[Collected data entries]
+---+
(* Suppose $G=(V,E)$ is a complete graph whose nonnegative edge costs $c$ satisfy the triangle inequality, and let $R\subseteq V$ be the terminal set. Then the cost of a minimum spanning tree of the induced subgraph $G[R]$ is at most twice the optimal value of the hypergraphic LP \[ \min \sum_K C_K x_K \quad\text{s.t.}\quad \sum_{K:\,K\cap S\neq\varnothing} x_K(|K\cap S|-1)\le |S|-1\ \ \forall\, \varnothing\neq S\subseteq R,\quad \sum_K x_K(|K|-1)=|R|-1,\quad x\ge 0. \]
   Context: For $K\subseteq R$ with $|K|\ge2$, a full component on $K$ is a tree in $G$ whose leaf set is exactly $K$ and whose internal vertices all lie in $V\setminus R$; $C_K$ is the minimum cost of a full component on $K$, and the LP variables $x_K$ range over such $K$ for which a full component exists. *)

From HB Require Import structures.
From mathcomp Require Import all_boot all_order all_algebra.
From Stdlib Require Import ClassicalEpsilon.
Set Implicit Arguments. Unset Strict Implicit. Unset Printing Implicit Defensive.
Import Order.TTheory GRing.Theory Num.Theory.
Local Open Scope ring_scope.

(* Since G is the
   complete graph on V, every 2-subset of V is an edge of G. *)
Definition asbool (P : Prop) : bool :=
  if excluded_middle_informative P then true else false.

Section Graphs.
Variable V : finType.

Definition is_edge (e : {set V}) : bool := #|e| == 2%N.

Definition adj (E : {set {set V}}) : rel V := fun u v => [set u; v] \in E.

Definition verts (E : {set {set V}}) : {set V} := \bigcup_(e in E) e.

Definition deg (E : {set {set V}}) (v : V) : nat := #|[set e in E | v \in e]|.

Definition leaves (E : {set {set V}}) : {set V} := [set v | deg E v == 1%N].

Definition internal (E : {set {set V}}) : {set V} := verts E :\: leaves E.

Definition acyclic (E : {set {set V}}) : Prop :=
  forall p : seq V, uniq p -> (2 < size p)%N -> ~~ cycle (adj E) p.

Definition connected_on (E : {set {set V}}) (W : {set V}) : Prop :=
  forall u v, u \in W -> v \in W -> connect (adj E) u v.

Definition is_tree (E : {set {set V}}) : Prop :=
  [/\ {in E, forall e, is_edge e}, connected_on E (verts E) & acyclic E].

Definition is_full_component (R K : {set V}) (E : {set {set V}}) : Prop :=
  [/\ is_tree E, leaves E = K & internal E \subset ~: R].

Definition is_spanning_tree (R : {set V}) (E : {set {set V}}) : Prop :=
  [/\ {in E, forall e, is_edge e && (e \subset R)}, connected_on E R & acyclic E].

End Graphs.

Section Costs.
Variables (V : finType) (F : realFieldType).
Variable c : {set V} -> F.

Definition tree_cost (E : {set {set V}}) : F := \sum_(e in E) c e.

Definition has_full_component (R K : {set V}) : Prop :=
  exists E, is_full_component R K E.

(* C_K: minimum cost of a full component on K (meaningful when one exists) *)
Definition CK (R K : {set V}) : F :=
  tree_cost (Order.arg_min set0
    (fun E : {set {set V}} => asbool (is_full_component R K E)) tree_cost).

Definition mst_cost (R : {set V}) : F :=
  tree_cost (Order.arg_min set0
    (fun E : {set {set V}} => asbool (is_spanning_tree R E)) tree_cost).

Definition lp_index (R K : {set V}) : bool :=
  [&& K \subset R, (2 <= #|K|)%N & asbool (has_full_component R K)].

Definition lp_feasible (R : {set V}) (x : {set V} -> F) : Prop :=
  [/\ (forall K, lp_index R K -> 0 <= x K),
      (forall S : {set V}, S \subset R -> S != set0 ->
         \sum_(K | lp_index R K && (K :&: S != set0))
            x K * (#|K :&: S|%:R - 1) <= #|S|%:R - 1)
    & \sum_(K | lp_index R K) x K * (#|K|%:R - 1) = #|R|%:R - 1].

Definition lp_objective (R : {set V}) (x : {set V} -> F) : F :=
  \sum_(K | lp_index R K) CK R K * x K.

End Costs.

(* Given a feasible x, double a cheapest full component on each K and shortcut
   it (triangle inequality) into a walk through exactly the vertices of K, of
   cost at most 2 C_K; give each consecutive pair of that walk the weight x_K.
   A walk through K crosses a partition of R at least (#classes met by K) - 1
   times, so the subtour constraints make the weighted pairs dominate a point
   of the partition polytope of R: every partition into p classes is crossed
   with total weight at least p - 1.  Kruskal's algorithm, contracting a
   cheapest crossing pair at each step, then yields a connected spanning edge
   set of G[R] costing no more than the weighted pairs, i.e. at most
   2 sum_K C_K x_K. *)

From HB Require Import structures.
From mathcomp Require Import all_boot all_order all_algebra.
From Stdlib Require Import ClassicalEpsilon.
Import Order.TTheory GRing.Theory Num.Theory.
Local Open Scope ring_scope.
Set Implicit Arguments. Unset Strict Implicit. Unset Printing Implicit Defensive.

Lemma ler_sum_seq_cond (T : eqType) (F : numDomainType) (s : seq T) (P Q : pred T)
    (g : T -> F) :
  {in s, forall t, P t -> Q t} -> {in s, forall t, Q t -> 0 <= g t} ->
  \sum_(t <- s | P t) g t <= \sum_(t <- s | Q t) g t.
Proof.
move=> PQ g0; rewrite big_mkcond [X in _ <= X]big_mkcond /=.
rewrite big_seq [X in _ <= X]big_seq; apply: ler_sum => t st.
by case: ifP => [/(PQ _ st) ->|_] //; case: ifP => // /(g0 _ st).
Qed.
+---+
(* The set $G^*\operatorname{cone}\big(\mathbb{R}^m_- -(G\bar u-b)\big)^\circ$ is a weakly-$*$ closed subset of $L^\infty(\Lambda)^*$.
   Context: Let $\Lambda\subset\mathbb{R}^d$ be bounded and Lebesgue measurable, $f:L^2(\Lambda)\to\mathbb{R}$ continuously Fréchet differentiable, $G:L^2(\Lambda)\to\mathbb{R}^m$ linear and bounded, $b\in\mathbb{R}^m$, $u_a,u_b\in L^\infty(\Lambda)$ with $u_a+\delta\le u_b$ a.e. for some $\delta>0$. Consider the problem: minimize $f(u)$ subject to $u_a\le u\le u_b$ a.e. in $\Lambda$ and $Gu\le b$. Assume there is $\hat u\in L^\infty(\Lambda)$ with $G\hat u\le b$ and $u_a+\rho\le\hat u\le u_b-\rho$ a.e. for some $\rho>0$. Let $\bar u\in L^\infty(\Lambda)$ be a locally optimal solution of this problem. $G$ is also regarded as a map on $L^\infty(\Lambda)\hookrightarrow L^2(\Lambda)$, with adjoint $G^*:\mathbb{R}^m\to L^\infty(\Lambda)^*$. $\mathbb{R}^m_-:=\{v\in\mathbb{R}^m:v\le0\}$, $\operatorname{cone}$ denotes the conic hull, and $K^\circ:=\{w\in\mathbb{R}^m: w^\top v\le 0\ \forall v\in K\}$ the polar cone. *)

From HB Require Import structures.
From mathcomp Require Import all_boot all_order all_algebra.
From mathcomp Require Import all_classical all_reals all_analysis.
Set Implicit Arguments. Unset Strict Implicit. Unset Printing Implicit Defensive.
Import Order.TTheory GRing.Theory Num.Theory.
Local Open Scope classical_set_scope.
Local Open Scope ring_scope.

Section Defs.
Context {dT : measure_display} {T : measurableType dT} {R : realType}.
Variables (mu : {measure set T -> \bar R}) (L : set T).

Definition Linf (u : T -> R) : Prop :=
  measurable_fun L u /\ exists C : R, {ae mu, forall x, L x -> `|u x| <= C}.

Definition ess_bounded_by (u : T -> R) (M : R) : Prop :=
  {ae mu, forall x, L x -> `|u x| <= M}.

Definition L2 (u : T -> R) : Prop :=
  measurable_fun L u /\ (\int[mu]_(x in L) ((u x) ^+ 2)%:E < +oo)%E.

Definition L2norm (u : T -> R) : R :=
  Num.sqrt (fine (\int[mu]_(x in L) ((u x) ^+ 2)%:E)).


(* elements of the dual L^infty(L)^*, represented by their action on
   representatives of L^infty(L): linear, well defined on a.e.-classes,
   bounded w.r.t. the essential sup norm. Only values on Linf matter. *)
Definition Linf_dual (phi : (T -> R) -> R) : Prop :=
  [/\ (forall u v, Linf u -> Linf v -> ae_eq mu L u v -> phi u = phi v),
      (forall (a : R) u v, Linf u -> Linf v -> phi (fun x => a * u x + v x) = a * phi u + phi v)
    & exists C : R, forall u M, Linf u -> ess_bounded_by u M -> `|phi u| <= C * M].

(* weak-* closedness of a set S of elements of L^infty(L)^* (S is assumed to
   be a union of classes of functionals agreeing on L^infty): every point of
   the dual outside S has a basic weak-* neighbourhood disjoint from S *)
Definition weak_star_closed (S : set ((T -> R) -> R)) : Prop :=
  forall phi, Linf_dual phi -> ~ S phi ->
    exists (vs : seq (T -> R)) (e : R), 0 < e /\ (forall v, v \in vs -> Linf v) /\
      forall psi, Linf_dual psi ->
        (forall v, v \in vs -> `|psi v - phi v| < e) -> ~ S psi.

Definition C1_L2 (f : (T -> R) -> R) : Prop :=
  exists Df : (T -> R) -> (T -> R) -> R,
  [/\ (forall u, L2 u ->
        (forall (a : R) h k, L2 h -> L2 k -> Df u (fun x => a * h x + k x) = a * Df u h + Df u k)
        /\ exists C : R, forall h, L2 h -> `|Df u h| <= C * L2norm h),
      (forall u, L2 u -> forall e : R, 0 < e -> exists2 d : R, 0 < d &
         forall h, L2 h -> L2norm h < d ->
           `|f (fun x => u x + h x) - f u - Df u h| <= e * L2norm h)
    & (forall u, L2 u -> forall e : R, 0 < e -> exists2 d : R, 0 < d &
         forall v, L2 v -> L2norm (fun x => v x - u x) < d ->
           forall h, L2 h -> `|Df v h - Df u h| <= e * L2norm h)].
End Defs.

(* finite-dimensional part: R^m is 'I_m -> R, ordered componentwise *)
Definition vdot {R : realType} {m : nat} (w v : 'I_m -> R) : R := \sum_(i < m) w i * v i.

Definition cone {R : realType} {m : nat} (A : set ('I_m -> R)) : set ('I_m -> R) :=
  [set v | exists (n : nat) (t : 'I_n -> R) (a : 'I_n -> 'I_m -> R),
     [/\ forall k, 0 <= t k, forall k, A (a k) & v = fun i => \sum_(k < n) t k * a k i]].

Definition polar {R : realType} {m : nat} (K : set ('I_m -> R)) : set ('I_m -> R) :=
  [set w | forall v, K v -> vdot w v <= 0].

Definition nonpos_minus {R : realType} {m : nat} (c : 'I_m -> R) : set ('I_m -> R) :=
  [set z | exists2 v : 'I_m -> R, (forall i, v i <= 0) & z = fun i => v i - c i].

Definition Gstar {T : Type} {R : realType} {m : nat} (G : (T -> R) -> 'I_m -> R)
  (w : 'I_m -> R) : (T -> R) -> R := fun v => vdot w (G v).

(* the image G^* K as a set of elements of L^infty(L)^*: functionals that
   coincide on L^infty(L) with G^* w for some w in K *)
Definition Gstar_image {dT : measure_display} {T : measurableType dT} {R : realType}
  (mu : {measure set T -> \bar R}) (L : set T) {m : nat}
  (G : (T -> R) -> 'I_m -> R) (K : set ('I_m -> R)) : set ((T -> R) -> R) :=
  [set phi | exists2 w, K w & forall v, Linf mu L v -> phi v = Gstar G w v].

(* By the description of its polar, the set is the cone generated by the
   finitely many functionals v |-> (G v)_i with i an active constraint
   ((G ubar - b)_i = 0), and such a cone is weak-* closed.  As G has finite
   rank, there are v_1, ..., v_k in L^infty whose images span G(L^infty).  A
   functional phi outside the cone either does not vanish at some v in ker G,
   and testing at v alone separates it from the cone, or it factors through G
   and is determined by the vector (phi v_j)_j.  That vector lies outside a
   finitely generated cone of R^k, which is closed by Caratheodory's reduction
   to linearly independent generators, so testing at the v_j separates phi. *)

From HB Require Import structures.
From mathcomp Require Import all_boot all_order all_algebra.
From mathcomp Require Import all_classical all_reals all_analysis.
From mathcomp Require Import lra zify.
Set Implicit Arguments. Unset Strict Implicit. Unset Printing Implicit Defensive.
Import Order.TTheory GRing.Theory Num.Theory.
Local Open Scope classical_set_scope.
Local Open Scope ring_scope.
+---+
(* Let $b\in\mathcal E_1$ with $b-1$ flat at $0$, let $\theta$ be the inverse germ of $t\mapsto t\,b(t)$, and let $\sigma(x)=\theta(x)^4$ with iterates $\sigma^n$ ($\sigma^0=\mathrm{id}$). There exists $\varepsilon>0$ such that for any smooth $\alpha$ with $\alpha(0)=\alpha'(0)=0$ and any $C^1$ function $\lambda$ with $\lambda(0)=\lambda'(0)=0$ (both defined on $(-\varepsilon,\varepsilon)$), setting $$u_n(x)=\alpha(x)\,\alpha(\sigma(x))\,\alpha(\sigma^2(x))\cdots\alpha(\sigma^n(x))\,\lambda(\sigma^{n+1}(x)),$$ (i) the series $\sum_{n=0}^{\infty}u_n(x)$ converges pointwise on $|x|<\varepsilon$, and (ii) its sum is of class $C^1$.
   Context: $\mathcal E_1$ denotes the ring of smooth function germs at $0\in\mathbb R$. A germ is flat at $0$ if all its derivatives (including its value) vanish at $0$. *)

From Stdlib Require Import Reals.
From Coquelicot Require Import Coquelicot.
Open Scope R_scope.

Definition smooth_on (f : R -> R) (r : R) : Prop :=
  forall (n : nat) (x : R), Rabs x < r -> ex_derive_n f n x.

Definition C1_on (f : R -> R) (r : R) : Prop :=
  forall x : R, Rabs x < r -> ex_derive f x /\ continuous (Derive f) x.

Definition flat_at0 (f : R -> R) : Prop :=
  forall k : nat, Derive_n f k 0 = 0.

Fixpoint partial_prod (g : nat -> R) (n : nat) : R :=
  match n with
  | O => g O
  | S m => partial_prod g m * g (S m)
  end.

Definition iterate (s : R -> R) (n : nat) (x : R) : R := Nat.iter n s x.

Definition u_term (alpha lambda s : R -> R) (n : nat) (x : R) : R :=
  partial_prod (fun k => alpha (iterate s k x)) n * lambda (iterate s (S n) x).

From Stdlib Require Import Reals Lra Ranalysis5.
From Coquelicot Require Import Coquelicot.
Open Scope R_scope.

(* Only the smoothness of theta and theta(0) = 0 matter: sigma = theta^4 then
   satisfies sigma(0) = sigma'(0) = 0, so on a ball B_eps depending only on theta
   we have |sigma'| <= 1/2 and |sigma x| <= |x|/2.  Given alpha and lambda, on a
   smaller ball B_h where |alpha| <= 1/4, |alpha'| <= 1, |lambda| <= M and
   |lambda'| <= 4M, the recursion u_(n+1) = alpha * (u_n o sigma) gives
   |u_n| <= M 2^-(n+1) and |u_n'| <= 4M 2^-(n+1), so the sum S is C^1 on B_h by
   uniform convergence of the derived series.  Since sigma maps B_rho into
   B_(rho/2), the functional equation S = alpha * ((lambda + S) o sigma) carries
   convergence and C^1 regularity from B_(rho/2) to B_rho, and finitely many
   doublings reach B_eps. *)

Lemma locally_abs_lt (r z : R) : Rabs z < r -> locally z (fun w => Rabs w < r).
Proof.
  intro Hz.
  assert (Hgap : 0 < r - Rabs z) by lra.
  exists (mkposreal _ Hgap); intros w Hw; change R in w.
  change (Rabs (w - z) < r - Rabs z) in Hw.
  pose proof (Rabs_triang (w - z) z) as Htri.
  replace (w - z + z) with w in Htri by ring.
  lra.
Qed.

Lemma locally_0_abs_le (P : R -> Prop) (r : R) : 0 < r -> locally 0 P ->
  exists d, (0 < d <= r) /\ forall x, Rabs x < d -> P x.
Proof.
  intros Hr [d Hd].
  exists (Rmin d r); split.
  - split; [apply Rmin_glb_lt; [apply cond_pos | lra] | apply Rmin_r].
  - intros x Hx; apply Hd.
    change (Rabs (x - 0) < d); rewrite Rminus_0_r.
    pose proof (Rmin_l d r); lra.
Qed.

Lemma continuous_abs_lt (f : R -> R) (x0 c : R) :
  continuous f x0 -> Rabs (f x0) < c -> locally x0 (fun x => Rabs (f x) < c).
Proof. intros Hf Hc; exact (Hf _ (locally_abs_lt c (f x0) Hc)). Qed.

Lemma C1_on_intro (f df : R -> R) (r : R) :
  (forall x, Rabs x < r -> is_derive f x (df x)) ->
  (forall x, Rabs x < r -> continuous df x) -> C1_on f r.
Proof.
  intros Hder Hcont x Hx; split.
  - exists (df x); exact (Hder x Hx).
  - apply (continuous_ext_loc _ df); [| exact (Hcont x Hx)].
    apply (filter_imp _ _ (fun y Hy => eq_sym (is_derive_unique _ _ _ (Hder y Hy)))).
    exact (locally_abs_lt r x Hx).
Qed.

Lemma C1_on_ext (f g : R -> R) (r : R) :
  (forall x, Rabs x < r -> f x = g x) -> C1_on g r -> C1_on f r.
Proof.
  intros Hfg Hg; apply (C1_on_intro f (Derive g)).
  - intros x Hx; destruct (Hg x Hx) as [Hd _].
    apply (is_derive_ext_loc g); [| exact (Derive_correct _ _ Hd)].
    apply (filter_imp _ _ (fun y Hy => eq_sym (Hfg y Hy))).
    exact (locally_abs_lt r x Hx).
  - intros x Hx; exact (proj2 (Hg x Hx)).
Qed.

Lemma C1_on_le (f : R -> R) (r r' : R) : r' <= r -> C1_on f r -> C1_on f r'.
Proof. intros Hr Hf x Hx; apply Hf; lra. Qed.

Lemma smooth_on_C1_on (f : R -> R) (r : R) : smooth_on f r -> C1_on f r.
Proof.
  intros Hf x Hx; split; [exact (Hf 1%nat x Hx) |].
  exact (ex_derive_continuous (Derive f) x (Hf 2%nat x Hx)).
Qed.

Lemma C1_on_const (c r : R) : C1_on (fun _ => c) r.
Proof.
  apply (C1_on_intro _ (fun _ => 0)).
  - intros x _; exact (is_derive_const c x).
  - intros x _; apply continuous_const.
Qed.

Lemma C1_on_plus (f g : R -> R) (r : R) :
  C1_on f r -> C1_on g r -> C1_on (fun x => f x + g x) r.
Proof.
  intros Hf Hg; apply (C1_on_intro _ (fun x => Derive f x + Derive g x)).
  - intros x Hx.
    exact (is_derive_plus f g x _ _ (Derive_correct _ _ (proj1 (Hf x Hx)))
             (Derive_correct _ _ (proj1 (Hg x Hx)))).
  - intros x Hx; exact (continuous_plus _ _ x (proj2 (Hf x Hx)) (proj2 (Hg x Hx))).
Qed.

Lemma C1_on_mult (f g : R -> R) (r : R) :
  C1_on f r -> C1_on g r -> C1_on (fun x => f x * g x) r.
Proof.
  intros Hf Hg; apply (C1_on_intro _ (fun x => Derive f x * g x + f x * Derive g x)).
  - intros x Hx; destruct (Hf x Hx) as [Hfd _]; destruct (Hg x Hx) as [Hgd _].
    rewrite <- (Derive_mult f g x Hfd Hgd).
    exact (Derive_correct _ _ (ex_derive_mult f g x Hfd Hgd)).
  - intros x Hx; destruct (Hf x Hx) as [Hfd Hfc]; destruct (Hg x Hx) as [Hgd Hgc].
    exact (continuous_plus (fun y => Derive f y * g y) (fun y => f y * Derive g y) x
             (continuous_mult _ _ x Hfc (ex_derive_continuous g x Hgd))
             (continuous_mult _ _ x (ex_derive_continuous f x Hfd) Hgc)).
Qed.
+---+
• EXERCISE DIRECTIONS
In the entries above, the lines between the one holding "Definition is_full_component (R" and the one holding "Variables (V : finType) (F : realFieldType).", inclusive, are to be printed exactly as written, and those alone.

• EXPECTED ANSWER
Definition is_full_component (R K : {set V}) (E : {set {set V}}) : Prop :=
  [/\ is_tree E, leaves E = K & internal E \subset ~: R].

Definition is_spanning_tree (R : {set V}) (E : {set {set V}}) : Prop :=
  [/\ {in E, forall e, is_edge e && (e \subset R)}, connected_on E R & acyclic E].

End Graphs.

Section Costs.
Variables (V : finType) (F : realFieldType).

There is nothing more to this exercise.